Posted by: Jonathan Versen at April 5, 2009 07:23 PM

thanks for that link, RobWeaver - made very nice reading for a sunday evening.

Posted by: almostinfamous at April 6, 2009 12:20 AM

First, thanks for this helpful information and analysis. Between this and the Bill Moyers interview the other night, the public is just starting to get the idea of what the heck is going on with the real causes of the economic disaster we are in - the American Public may be a sleeping giant when it comes to things like this, but when you steal from it wholesale, when it awakens - watch out.

President Obama has come in with the greatest good will and hope of any American President since FDR I believe. If his team is filled with hustlers, he better move quickly to clear the rascals out, or he will find that, as with every President, charm only goes so far. Your actions have to be credible. Putting crooks in charge of the treasury is not a way to achieve that.
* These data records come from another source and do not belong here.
(* Fix widths $\mathbf{n}=(n_0,\dots,n_L)$, piecewise differentiable $h_1,\dots,h_L:\mathbb{R}\to\mathbb{R}$, a finite batch $\{(x_j,y_j)\}\subseteq\mathbb{R}^{n_0}\times\mathbb{R}^{n_L}$ and a cost function $\mathcal C$, and let $\mathcal L,\mathcal L_{\rm red},\iota_1,q_1,\iota_2,q_2,\iota$ be as in the context. Then: (1) $\iota=\iota_1\circ\iota_2$ and $\mathcal L\circ\iota=\mathcal L_{\rm red}$; (2) $\mathcal L\circ\iota_1=\mathcal L_{\rm red}\circ q_2$ on $\mathsf{Param}^{\rm int}(\mathbf{n})$; (3) for every $\mathbf{T}\in\mathsf{Param}^{\rm int}(\mathbf{n})$, $q_1\big(\nabla_{\iota_1(\mathbf{T})}\mathcal L\big)=\iota_2\big(\nabla_{q_2(\mathbf{T})}\mathcal L_{\rm red}\big)$.
   Context: Merged notation: $\mathsf{Param}(\mathbf{n})=\prod_{i=1}^L\mathbb{R}^{n_i\times(n_{i-1}+1)}$, $\mathbf{A}=(A_i)$. Reduced widths: $n^{\rm red}_0=n_0$, $n^{\rm red}_i=\min(n_i,n^{\rm red}_{i-1}+1)$ for $1\le i\le L-1$, $n^{\rm red}_L=n_L$. For $h:\mathbb{R}\to\mathbb{R}$, $h^{(k)}(v)=h(|v|)v/|v|$ ($v\ne0$), $h^{(k)}(0)=0$. With $\rho_i=h_i^{(n_i)}$, the feedforward function of $\mathbf{A}$ is $F=F_L$, $F_0=\mathrm{id}$, $F_i(x)=\rho_i\big(A_i\,(1,F_{i-1}(x))\big)$, where $(1,v)\in\mathbb{R}^{1+n_{i-1}}$ prepends a 1. $\mathcal L(\mathbf{A})=\sum_j\mathcal C(F(x_j),y_j)$; $\mathcal L_{\rm red}$ on $\mathsf{Param}(\mathbf{n}^{\rm red})$ is defined the same way using $\rho^{\rm red}_i=h_i^{(n^{\rm red}_i)}$. The losses are assumed differentiable so gradients exist. $\mathsf{Param}^{\rm int}(\mathbf{n})$ is the subspace of $\mathbf{T}=(T_i)$ with the bottom-left $(n_i-n^{\rm red}_i)\times(1+n^{\rm red}_{i-1})$ block of each $T_i$ zero. $\iota_1:\mathsf{Param}^{\rm int}(\mathbf{n})\hookrightarrow\mathsf{Param}(\mathbf{n})$ is the inclusion; $q_1:\mathsf{Param}(\mathbf{n})\to\mathsf{Param}^{\rm int}(\mathbf{n})$ zeroes out that block in each $A_i$. $\iota_2:\mathsf{Param}(\mathbf{n}^{\rm red})\to\mathsf{Param}^{\rm int}(\mathbf{n})$ pads each $B_i$ with $n_i-n^{\rm red}_i$ zero rows at the bottom and $n_{i-1}-n^{\rm red}_{i-1}$ zero columns at the right, i.e. $B_i\mapsto\begin{bmatrix}B_i&0\\0&0\end{bmatrix}$; $q_2:\mathsf{Param}^{\rm int}(\mathbf{n})\to\mathsf{Param}(\mathbf{n}^{\rm red})$ extracts the top-left $n^{\rm red}_i\times(1+n^{\rm red}_{i-1})$ block of each $T_i$. $\iota:\mathsf{Param}(\mathbf{n}^{\rm red})\hookrightarrow\mathsf{Param}(\mathbf{n})$ places each $B_i$ in the top-left corner of an $n_i\times(1+n_{i-1})$ zero matrix. *)

From HB Require Import structures.
From mathcomp Require Import all_boot all_order all_algebra.
From mathcomp Require Import all_classical all_reals all_analysis.

Set Implicit Arguments.
Unset Strict Implicit.
Unset Printing Implicit Defensive.
Import Order.TTheory GRing.Theory Num.Theory.
Local Open Scope ring_scope.

Section Defs.
Variable R : realType.

Definition mget {p q} (M : 'M[R]_(p, q)) (r c : nat) : R :=
  match (insub r : option 'I_p), (insub c : option 'I_q) with
  | Some r', Some c' => M r' c'
  | _, _ => 0
  end.

Definition vcast {p q} (v : 'cV[R]_p) : 'cV[R]_q := \col_(i < q) mget v i 0.

Definition vnorm {p} (v : 'cV[R]_p) : R := Num.sqrt (\sum_i v i 0 ^+ 2).

Definition radial (h : R -> R) {p} (v : 'cV[R]_p) : 'cV[R]_p :=
  if v == 0 then 0 else (h (vnorm v) / vnorm v) *: v.

Definition prepend1 {q} (v : 'cV[R]_q) : 'cV[R]_(q.+1) :=
  \col_(j < q.+1) (if (j : nat) == 0%N then 1 else mget v j.-1 0).

(* Param(m) = prod_{i=1}^L R^{m_i x (m_{i-1}+1)}; the ordinal k : 'I_L
   stands for the layer i = k+1. *)
Definition Param (L : nat) (m : nat -> nat) :=
  forall k : 'I_L, 'M[R]_(m k.+1, (m k).+1).

Definition Anat L m (A : Param L m) (k : nat) : 'M[R]_(m k.+1, (m k).+1) :=
  match (insub k : option 'I_L) with
  | Some o => \matrix_(r, c) mget (A o) r c
  | None => 0
  end.

Fixpoint ff L m (hs : nat -> R -> R) (A : Param L m) (k : nat)
  : 'cV[R]_(m 0%N) -> 'cV[R]_(m k) :=
  match k as k0 return 'cV[R]_(m 0%N) -> 'cV[R]_(m k0) with
  | 0%N => fun x => x
  | k'.+1 => fun x => radial (hs k'.+1) (Anat A k' *m prepend1 (ff hs A k' x))
  end.

Fixpoint nred_aux (n : nat -> nat) (i : nat) : nat :=
  match i with
  | 0%N => n 0%N
  | i'.+1 => minn (n i) (nred_aux n i').+1
  end.

Definition nred (L : nat) (n : nat -> nat) (i : nat) : nat :=
  match i with
  | 0%N => n 0%N
  | _.+1 => if i == L then n L else nred_aux n i
  end.

(* loss sum_j C(F(x_j), y_j) of a network with widths m (m_0 = n_0, m_L = n_L;
   vcast only transports vectors between these equal dimensions) *)
Definition loss L (n m : nat -> nat) (hs : nat -> R -> R)
  (C : 'cV[R]_(n L) -> 'cV[R]_(n L) -> R)
  (data : seq ('cV[R]_(n 0%N) * 'cV[R]_(n L))) (A : Param L m) : R :=
  \sum_(d <- data) C (vcast (ff hs A L (vcast d.1))) d.2.

Definition pert L m (A : Param L m) (k : 'I_L) (r c : nat) (t : R) : Param L m :=
  fun k' => A k' + \matrix_(r', c')
     (if (k' == k) && ((r' : nat) == r) && ((c' : nat) == c) then t else 0).

(* gradient (w.r.t. the Frobenius inner product) = matrix of partial derivatives *)
Definition grad L m (F : Param L m -> R) (A : Param L m) : Param L m :=
  fun k => \matrix_(r, c) derive1 (fun t => F (pert A k r c t)) 0.

Definition padd L m (A B : Param L m) : Param L m := fun k => A k + B k.
Definition pdot L m (A B : Param L m) : R :=
  \sum_(k : 'I_L) \sum_r \sum_c A k r c * B k r c.
Definition pnorm L m (A : Param L m) : R :=
  \sum_(k : 'I_L) \sum_r \sum_c `|A k r c|.

Definition param_differentiable L m (F : Param L m -> R) (A : Param L m) : Prop :=
  exists G : Param L m, forall eps : R, 0 < eps -> exists2 delta : R, 0 < delta &
    forall D : Param L m, pnorm D < delta ->
      `|F (padd A D) - F A - pdot G D| <= eps * pnorm D.

Definition piecewise_differentiable (h : R -> R) : Prop :=
  exists s : seq R, forall x : R, x \notin s -> derivable h x 1.

Definition is_int L n (T : Param L n) : Prop :=
  forall (k : 'I_L) (r : 'I_(n k.+1)) (c : 'I_((n k).+1)),
    (nred L n k.+1 <= r)%N -> (c <= nred L n k)%N -> T k r c = 0.

Definition ParamInt L n := {T : Param L n | is_int T}.

Definition iota_red L n (B : Param L (nred L n)) : Param L n :=
  fun k => \matrix_(r, c) mget (B k) r c.

Definition iota1 L n (T : ParamInt L n) : Param L n := proj1_sig T.

Definition pad L n (B : Param L (nred L n)) : Param L n :=
  fun k => \matrix_(r, c) mget (B k) r c.

Lemma pad_is_int L n (B : Param L (nred L n)) : is_int (pad B).
Proof.
move=> k r c hr _; rewrite /pad mxE /mget.
by rewrite insubN // -leqNgt.
Qed.

Definition iota2 L n (B : Param L (nred L n)) : ParamInt L n :=
  exist _ (pad B) (pad_is_int B).

Definition zero_block L n (A : Param L n) : Param L n :=
  fun k => \matrix_(r, c)
    (if (nred L n k.+1 <= r)%N && (c <= nred L n k)%N then 0 else A k r c).

Lemma zero_block_is_int L n (A : Param L n) : is_int (zero_block A).
Proof. by move=> k r c hr hc; rewrite /zero_block mxE hr hc. Qed.

Definition q1 L n (A : Param L n) : ParamInt L n :=
  exist _ (zero_block A) (zero_block_is_int A).

Definition q2 L n (T : ParamInt L n) : Param L (nred L n) :=
  fun k => \matrix_(r, c) mget (proj1_sig T k) r c.

End Defs.

From HB Require Import structures.
From mathcomp Require Import all_boot all_order all_algebra.
From mathcomp Require Import all_classical all_reals all_analysis.
Import Order.TTheory GRing.Theory Num.Theory.
Local Open Scope ring_scope.

Set Implicit Arguments.
Unset Strict Implicit.
Unset Printing Implicit Defensive.

(** Read all weights and activations as zero-padded infinite arrays. If a
    network A agrees with a narrower network B on the bias column and on every
    column fed by a neuron of B, then by induction on the layers the neurons of
    A outside B stay zero (their rows see only zero weights on B's neurons, and
    the radial activation maps 0 to 0) and the others carry B's values; so A and
    B have the same loss. Both iota(B) and any T in Param^int extend the reduced
    network (B, resp. q2 T). For (3), each entry of the gradient is the
    derivative of the loss along one coordinate: inside the reduced block the
    perturbed networks still extend each other, and in a column beyond the
    reduced width the perturbation only meets a silent neuron, so the loss is
    constant along it. *)

Section MatrixEntries.
Variable R : realType.
Implicit Types (p q : nat) (r c j : nat).

Lemma mget_ord p q (M : 'M[R]_(p, q)) (i : 'I_p) (k : 'I_q) : mget M i k = M i k.
Proof. by rewrite /mget !valK. Qed.

Lemma mget_out p q (M : 'M[R]_(p, q)) r c :
  ~~ ((r < p) && (c < q))%N -> mget M r c = 0.
Proof.
rewrite negb_and /mget => /orP[rp|cq]; first by rewrite insubN.
by case: insub => // ?; rewrite insubN.
Qed.

Lemma mget_mx p q (f : nat -> nat -> R) r c :
  mget (\matrix_(i < p, k < q) f i k) r c = if ((r < p) && (c < q))%N then f r c else 0.
Proof.
rewrite /mget; case: insubP => [i _ <-|/negbTE->] //=.
by case: insubP => [k _ <-|/negbTE->]; rewrite ?mxE ?ltn_ord ?andbF.
Qed.

Lemma mget0 p q r c : mget (0 : 'M[R]_(p, q)) r c = 0.
Proof. by rewrite /mget; case: insub => [i|] //; case: insub => [k|] //; rewrite mxE. Qed.

Lemma mgetD p q (M N : 'M[R]_(p, q)) r c : mget (M + N) r c = mget M r c + mget N r c.
Proof.
by rewrite /mget; case: insub => [i|]; rewrite ?addr0 //; case: insub => [k|]; rewrite ?mxE ?addr0.
Qed.

Lemma mgetZ p q a (M : 'M[R]_(p, q)) r c : mget (a *: M) r c = a * mget M r c.
Proof.
by rewrite /mget; case: insub => [i|]; rewrite ?mulr0 //; case: insub => [k|]; rewrite ?mxE ?mulr0.
Qed.

Lemma mget_mulmx p q N (M : 'M[R]_(p, q)) (v : 'cV[R]_q) j : (q <= N)%N ->
  mget (M *m v) j 0 = \sum_(i < N) mget M j i * mget v i 0.
Proof.
move=> qN; have [jp|pj] := ltnP j p; last first.
  rewrite mget_out ?ltnNge ?pj // big1 // => i _.
  by rewrite mget_out ?mul0r // ltnNge pj.
rewrite (mget_ord _ (Ordinal jp) 0) mxE.
under eq_bigr => i _ do rewrite -(mget_ord M (Ordinal jp)) -(mget_ord v _ 0).
rewrite (big_ord_widen _ (fun i => mget M j i * mget v i 0) qN) big_mkcond /=.
apply: eq_bigr => i _; case: ltnP => // qi.
by rewrite [mget v _ _]mget_out ?mulr0 // ltnNge qi.
Qed.

Lemma mget_prepend1_0 q (v : 'cV[R]_q) : mget (prepend1 v) 0 0 = 1.
Proof. by rewrite (mget_mx _ _ (fun i _ => if i == 0%N then 1 else mget v i.-1 0)). Qed.

Lemma mget_prepend1S q (v : 'cV[R]_q) j : mget (prepend1 v) j.+1 0 = mget v j 0.
Proof.
rewrite (mget_mx _ _ (fun i _ => if i == 0%N then 1 else mget v i.-1 0)) /= ltnS andbT.
by case: ltnP => // qj; rewrite mget_out // ltnNge qj.
Qed.

Lemma mget_vcast p q (v : 'cV[R]_p) j :
  mget (@vcast R p q v) j 0 = if (j < q)%N then mget v j 0 else 0.
Proof. by rewrite (mget_mx _ _ (fun i _ => mget v i 0)) andbT. Qed.

End MatrixEntries.

Section PaddedVectors.
Variable R : realType.
Implicit Types (p q : nat).

Definition eq_padded p q (u : 'cV[R]_p) (w : 'cV[R]_q) : Prop :=
  forall j : nat, mget u j 0 = mget w j 0.

Lemma vnorm_mget p N (u : 'cV[R]_p) : (p <= N)%N ->
  vnorm u = Num.sqrt (\sum_(i < N) mget u i 0 ^+ 2).
Proof.
move=> pN; rewrite /vnorm; under eq_bigr => i _ do rewrite -(mget_ord u _ 0).
rewrite (big_ord_widen _ (fun i => mget u i 0 ^+ 2) pN) big_mkcond /=.
congr Num.sqrt; apply: eq_bigr => i _; case: ltnP => // pi.
by rewrite mget_out ?expr0n // ltnNge pi.
Qed.

Lemma col_eq0P p (u : 'cV[R]_p) : reflect (forall j, mget u j 0 = 0) (u == 0).
Proof.
apply: (iffP eqP) => [-> j|u0]; first exact: mget0.
by apply/matrixP => i k; rewrite ord1 -(mget_ord u i 0) u0 mxE.
Qed.

Lemma radial_eq_padded (h : R -> R) p q (u : 'cV[R]_p) (w : 'cV[R]_q) :
  eq_padded u w -> eq_padded (radial h u) (radial h w).
Proof.
move=> uw j; have norm_uw : vnorm u = vnorm w.
  rewrite (vnorm_mget u (leq_addr q p)) (vnorm_mget w (leq_addl p q)).
  by congr Num.sqrt; apply: eq_bigr => i _; rewrite uw.
have zero_uw : (u == 0) = (w == 0).
  by apply/col_eq0P/col_eq0P => z i; [rewrite -uw | rewrite uw].
rewrite /radial zero_uw; case: (w == 0); first by rewrite !mget0.
by rewrite !mgetZ norm_uw uw.
Qed.

Lemma mget_mulmx_eq p q p' q' (M : 'M[R]_(p, q)) (u : 'cV[R]_q)
    (M' : 'M[R]_(p', q')) (u' : 'cV[R]_q') j :
  (forall i, mget M j i * mget u i 0 = mget M' j i * mget u' i 0) ->
  mget (M *m u) j 0 = mget (M' *m u') j 0.
Proof.
move=> terms; rewrite (mget_mulmx _ _ _ (leq_addr q' q)) (mget_mulmx _ _ _ (leq_addl q q')).
by apply: eq_bigr => i _; apply: terms.
Qed.

End PaddedVectors.

Section NetworkExtension.
Variables (R : realType) (L : nat).
Implicit Types (m : nat -> nat) (r c : nat).

Definition extends_net m m' (A : Param R L m) (B : Param R L m') : Prop :=
  forall (k : 'I_L) r c, (c <= m' k)%N -> mget (A k) r c = mget (B k) r c.

Lemma mget_Anat m (A : Param R L m) (k : 'I_L) r c : mget (Anat A k) r c = mget (A k) r c.
Proof.
rewrite /Anat valK (mget_mx _ _ (mget (A k))).
by case: ifP => // /negbT /mget_out ->.
Qed.

Lemma ff_extends m m' hs (A : Param R L m) (B : Param R L m') x x' :
  extends_net A B -> eq_padded x x' ->
  forall k, (k <= L)%N -> eq_padded (ff hs A k x) (ff hs B k x').
Proof.
move=> AB xx'; elim=> [|k IHk] // kL /=.
have {}IHk := IHk (ltnW kL).
apply: radial_eq_padded => j; apply: mget_mulmx_eq => -[|i].
  by rewrite !mget_prepend1_0 !(mget_Anat _ (Ordinal kL)) AB.
rewrite !mget_prepend1S !(mget_Anat _ (Ordinal kL)).
have [ik|ki] := ltnP i (m' k); first by rewrite AB // IHk.
by rewrite IHk [mget (ff _ _ _ _) _ _]mget_out ?mulr0 // ltnNge ki.
Qed.

Lemma loss_extends n m m' hs C data (A : Param R L m) (B : Param R L m') :
  m' 0%N = m 0%N -> extends_net A B -> @loss R L n m hs C data A = @loss R L n m' hs C data B.
Proof.
move=> m'0 AB; apply: eq_bigr => d _; congr C; apply/matrixP => i o; rewrite !mxE.
by apply: (ff_extends hs AB) => // j; rewrite !mget_vcast m'0.
Qed.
However, the case against Summers is not clear. Frankly, I don't blame him for making some hay before the election. It was very uncertain at the time of those speeches as to who would become President of the US, lest we forget, and as long as he did nothing illegal, and made no promises that compromised his actions or integrity, then I don't think we can just assume the worst. A president must be allowed his own advisers after all. It's the policy making folks that have to be approved, and rightly so.

Second, I have trouble evaluating something like a $135,000 speaking fee without really understanding the context in which it came.

Was it paid for an hour in a little closed door office meeting with 2 or 3 people? Was it part of a giant training and morale meeting of G S & Co employees? Was the fee just for the meeting itself, or was there preliminary work or research brought to the meeting that Summers had, outside of his upcoming probable appointment to something, that was worth that kind of cash to G & S? Would other firms, had they been given the opportunity, paid as much for the same information?

Was this a 20 minute speech or a grueling 8 hour day?

And what are the comparable fees paid by these kinds of people to get the people they want, experts, to talk to the people they want, clients or employees, to give the image they want of their firm?

In an time when multimillion dollar bonuses were being paid out, $135,000 looks like peanuts in comparison. Now to anyone toiling away with a regular life, it looks like a giant bribe, a fiasco, the smoking gun. But, perhaps it was just business as usual? Of course, it is "business as usual" that we are protesting here. Some of that business as usual was fraudulent and illegal as hell. But we have to keep our eyes on the main players first.

What would someone like Summers potentially been paid for such an appearance? What was his true market value OUTSIDE of his Obama connection? Or was his true Obama value not his likelihood of being appointed, but as being someone who could explain Obama and how he might act to G & S.

I am not trying to excuse the guy, but it is so easy to point at something and screech "Fire, fire!" I want to make sure I understand what has been revealed here.

More than anything else, I think that the American Taxpayers want the truth of the situation, they want those who knowingly committed crimes to pay for those crimes, and they want to get as much of illegally gained money back as possible.

This is not undoable. There are records of transactions, of bonuses paid, of overinflated salaries, of decisions made within corporations.

This is a matter for the FBI, the Treasury Department and perhaps others to work on. But if massive crimes were committed, wholesale fraud against the American Public done, then those at the front of it should pay, no matter how blue their blood, or how prestigious their stock.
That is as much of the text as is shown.